(* $\mathbf{LMO}(\Sigma)\subseteq V_\Sigma(\overline{\mathbf{J}})$.
   Context: A MON-1qfa over a finite alphabet $\Sigma$ is a tuple $A=\langle\Sigma\cup\{\#\},(O_c)_{c\in\Sigma\cup\{\#\}},\pi_0,F\rangle$, where $\pi_0\in\mathbb{C}^{1\times m}$ has norm $1$, each $O_c$ is an observable (Hermitian $m\times m$ matrix) with spectral decomposition $O_c=\sum_{r\in V(O_c)} r\,P_c(r)$ into orthogonal projectors, and $F\subseteq V(O_\#)$. For $x=x_1\cdots x_n$, with $\rho_0=\pi_0^\dagger\pi_0$ and $\rho_i=\sum_{r}P_{x_i}(r)\rho_{i-1}P_{x_i}(r)$, the acceptance probability is $p_A(x)=\sum_{r\in F}\mathrm{tr}(P_\#(r)\rho_n)$. $A$ recognizes $L$ with isolated cut-point $\lambda$ if for all $x\in\Sigma^*$, $x\in L\Leftrightarrow p_A(x)>\lambda$, and there is $\delta>0$ with $|p_A(x)-\lambda|\ge\delta$ for all $x$. $\mathbf{LMO}(\Sigma)$ is the class of languages over $\Sigma$ recognized by some MON-1qfa with isolated cut-point. For a regular language $L$, $M(L)$ is its syntactic monoid and $\phi_L:\Sigma^*\to M(L)$ the syntactic morphism. $\overline{\mathbf{J}}$ is the literal pseudovariety of $J$-trivial syntactic monoids $M(L)$ (i.e. $MxM=MyM\Rightarrow x=y$) whose syntactic morphism satisfies $\phi_L(\sigma)\phi_L(\sigma)=\phi_L(\sigma)$ for all $\sigma\in\Sigma$; $V_\Sigma(\overline{\mathbf{J}})$ is the class of regular languages $L\subseteq\Sigma^*$ such that $M(L)$ is $J$-trivial and $\phi_L(\sigma)^2=\phi_L(\sigma)$ for every $\sigma\in\Sigma$. *)

From HB Require Import structures.
From mathcomp Require Import all_boot all_order all_algebra.
From mathcomp Require Import reals.
From mathcomp Require Import complex.

Unset Implicit Arguments.
Unset Strict Implicit.
Unset Printing Implicit Defensive.

Import Order.TTheory GRing.Theory Num.Theory.
Local Open Scope ring_scope.

Definition adjmx (R : rcfType) (p q : nat) (A : 'M[R[i]]_(p, q)) : 'M[R[i]]_(q, p) :=
  (map_mx (@conjc R) A)^T.
Arguments adjmx {R p q} A.

Section MON1qfa.
Variables (R : realType) (Sigma : finType) (m : nat).
Local Notation C := R[i].

(* The alphabet Sigma \cup {#} is represented by [option Sigma]:
   [Some s] is the letter s and [None] is the end-marker #.
   For each c, the observable O_c is given together with its spectral
   decomposition O_c = \sum_(i < nout c) eigv c i * proj c i, where
   V(O_c) = {eigv c i | i} (distinct real eigenvalues) and proj c i = P_c(eigv c i)
   are the (nonzero, pairwise orthogonal) eigenprojectors, summing to the identity.
   F is the set of indices of accepting eigenvalues of O_#. *)
Record mon1qfa := MON1qfa {
  nout : option Sigma -> nat;
  eigv : forall c, 'I_(nout c) -> R;
  proj : forall c, 'I_(nout c) -> 'M[C]_m;
  obs  : option Sigma -> 'M[C]_m;
  pi0  : 'rV[C]_m;
  accF : {set 'I_(nout None)};
  obs_herm  : forall c, adjmx (obs c) = obs c;
  obs_spec  : forall c, obs c = \sum_(i < nout c) real_complex R (eigv c i) *: proj c i;
  eigv_inj  : forall c, injective (eigv c);
  proj_herm : forall c i, adjmx (proj c i) = proj c i;
  proj_idem : forall c i, proj c i *m proj c i = proj c i;
  proj_orth : forall c i j, i != j -> proj c i *m proj c j = 0;
  proj_sum  : forall c, \sum_(i < nout c) proj c i = 1%:M;
  proj_neq0 : forall c i, proj c i != 0;
  pi0_norm  : (pi0 *m adjmx pi0) ord0 ord0 = 1
}.

Variable A : mon1qfa.
(* A finite graph $K$ is vertex-costly if and only if it is connected. Moreover, every finite connected graph $K$ without hanging edges is vertex-costly in the class of connected graphs.
   Context: ''Graph'' may be understood in any of the usual senses (directed, undirected, or mixed; multiple edges and/or loops allowed or not), fixed throughout; isomorphisms and automorphisms preserve the corresponding structure. ''Subgraph'' means an arbitrary (not necessarily induced) subgraph. For a finite graph $K$ and a graph $\Gamma$, the vertex representativeness $\Upsilon_v(K,\Gamma)$ is the minimal integer $n$ such that $\Gamma$ has a set $X$ of $n$ vertices with the property that every subgraph of $\Gamma$ isomorphic to $K$ contains a vertex of $X$; the symmetric vertex representativeness $\Upsilon_v^{\mathrm{sym}}(K,\Gamma)$ is the minimal $n$ such that such a set $X$ of $n$ vertices exists which is moreover invariant under $\mathrm{Aut}\,\Gamma$. A finite graph $K$ with $k$ vertices is vertex-costly if for every integer $m$ there exists a graph $\Gamma_m$ with $\Upsilon_v^{\mathrm{sym}}(K,\Gamma_m)=k\cdot\Upsilon_v(K,\Gamma_m)\ge m$; it is vertex-costly in a class of graphs $\mathcal{K}$ if the graphs $\Gamma_m$ can be chosen in $\mathcal{K}$. A hanging edge is an edge incident to a vertex of degree one. *)

From mathcomp Require Import all_boot.
From Stdlib Require List.
From Stdlib Require Import Relation_Operators.

Set Implicit Arguments.
Unset Strict Implicit.
Unset Printing Implicit Defensive.

Definition is_graph (V : Type) (adj : V -> V -> Prop) : Prop :=
  (forall u v, adj u v -> adj v u) /\ (forall v, ~ adj v v).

○ ○ ○ ○

What is the number of lines in the data that contain "adjmx"? Write that number and nothing else.

**Result**
5